┌──
Lemma measurable_d_psi_integrand (f g : X -> H) : L0 X H f -> L0 X H g ->
  measurable_fun setT (fun z : borel_prod X Y => (psi `|f z.1 - g z.1|)%:E).
Proof.
move=> mf mg; apply/measurable_EFinP.
apply: (@measurable_comp _ _ _ (borel_prod X Y) R R `[0, +oo[%classic psi setT
  (fun z => `|f z.1 - g z.1|) (measurable_itv _)) => //.
- by move=> _ [z _ <-] /=; rewrite in_itv /= andbT.
- exact: subspace_continuous_measurable_fun (measurable_itv _) psi_cont.
- exact: (measurableT_comp (@measurable_normB _ _ _ sepH _ _ mf mg)
    (@measurable_fst_borel_prod _ X Y)).
Qed.

Lemma le_d_psi (a b f g f' g' : X -> H) :
  L0 X H a -> L0 X H b -> L0 X H f -> L0 X H g -> L0 X H f' -> L0 X H g' ->
  (forall x, `|a x - b x| <= `|f x - g x| + `|f' x - g' x|) ->
  (dpsi a b <= dpsi f g + dpsi f' g')%E.
Proof.
move=> ma mb mf mg mf' mg' le_ab; rewrite /d_psi -ge0_integralD //=; last 4 first.
- by move=> z _; rewrite lee_fin.
- exact: measurable_d_psi_integrand.
- by move=> z _; rewrite lee_fin.
- exact: measurable_d_psi_integrand.
apply: ge0_le_integral => //=.
- by move=> z _; rewrite lee_fin.
- exact: measurable_d_psi_integrand.
- by apply: emeasurable_funD; exact: measurable_d_psi_integrand.
move=> z _; rewrite -EFinD lee_fin.
apply: le_trans (psi_subadd (normr_ge0 _) (normr_ge0 _)).
exact: psi_nondecr (normr_ge0 _) (le_ab _).
Qed.

Lemma le_d_psi_triangle (f g h : X -> H) :
  L0 X H f -> L0 X H g -> L0 X H h -> (dpsi f h <= dpsi f g + dpsi g h)%E.
Proof. by move=> mf mg mh; apply: le_d_psi => // x; exact: ler_distD. Qed.

Lemma d_psixx (f : X -> H) : dpsi f f = 0%E.
Proof. by apply: integral0_eq => z _; rewrite subrr normr0 psi0. Qed.

Lemma pointwise_cvg_d_psi_lt (h : nat -> X -> H) (f : X -> H) :
  (forall n, L0 X H (h n)) -> L0 X H f ->
  (forall x, h n x @[n --> \oo] --> f x) ->
  forall e, 0 < e -> exists n, (dpsi f (h n) < e%:E)%E.
Proof.
move=> mh mf hf e e0.
pose u n (z : borel_prod X Y) := (psi `|f z.1 - h n z.1|)%:E.
have u_cvg0 : {ae P, forall z, [set: borel_prod X Y] z -> u ^~ z @ \oo --> 0%E}.
  apply: aeW => z _; apply: cvg_EFin; first exact: nearW.
  apply/(@cvgrPdist_lt _ R^o) => eps eps0.
  have [r r0 psi_r] := psi_lt_near0 eps0.
  move: (hf z.1) => /cvgrPdist_lt /(_ r r0) hr.
  apply: filterS hr => n fhn.
  by rewrite /= sub0r normrN ger0_norm // psi_r.
have u_le1 : {ae P, forall z n, [set: borel_prod X Y] z ->
    (`|u n z| <= (EFin \o cst 1%R) z)%E}.
  by apply: aeW => z n _; rewrite /= lee_fin ger0_norm.
have [_ _ +] := @dominated_convergence _ _ R P setT measurableT u (cst 0%E)
  (EFin \o cst 1%R) (fun n => measurable_d_psi_integrand mf (mh n))
  (measurable_cst _) u_cvg0
  (finite_measure_integrable_cst P 1%R measurableT) u_le1.
rewrite integral0 => /fine_cvgP[u_fin /cvgrPdist_lt /(_ e e0) u_lt].
have [N _ /(_ N (leqnn N))[fin_N]] := filterI u_fin u_lt.
rewrite /= sub0r normrN => /(le_lt_trans (ler_norm _)).
by exists N; rewrite -[dpsi f (h N)](fineK fin_N) lte_fin.
Qed.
└──
Task goal - Give an exact copy of the lines from the one with "by apply: aeW" through the end of the entries, both ends included.

Exercise response -
  by apply: aeW => z n _; rewrite /= lee_fin ger0_norm.
have [_ _ +] := @dominated_convergence _ _ R P setT measurableT u (cst 0%E)
  (EFin \o cst 1%R) (fun n => measurable_d_psi_integrand mf (mh n))
  (measurable_cst _) u_cvg0
  (finite_measure_integrable_cst P 1%R measurableT) u_le1.
rewrite integral0 => /fine_cvgP[u_fin /cvgrPdist_lt /(_ e e0) u_lt].
have [N _ /(_ N (leqnn N))[fin_N]] := filterI u_fin u_lt.
rewrite /= sub0r normrN => /(le_lt_trans (ler_norm _)).
by exists N; rewrite -[dpsi f (h N)](fineK fin_N) lte_fin.
Qed.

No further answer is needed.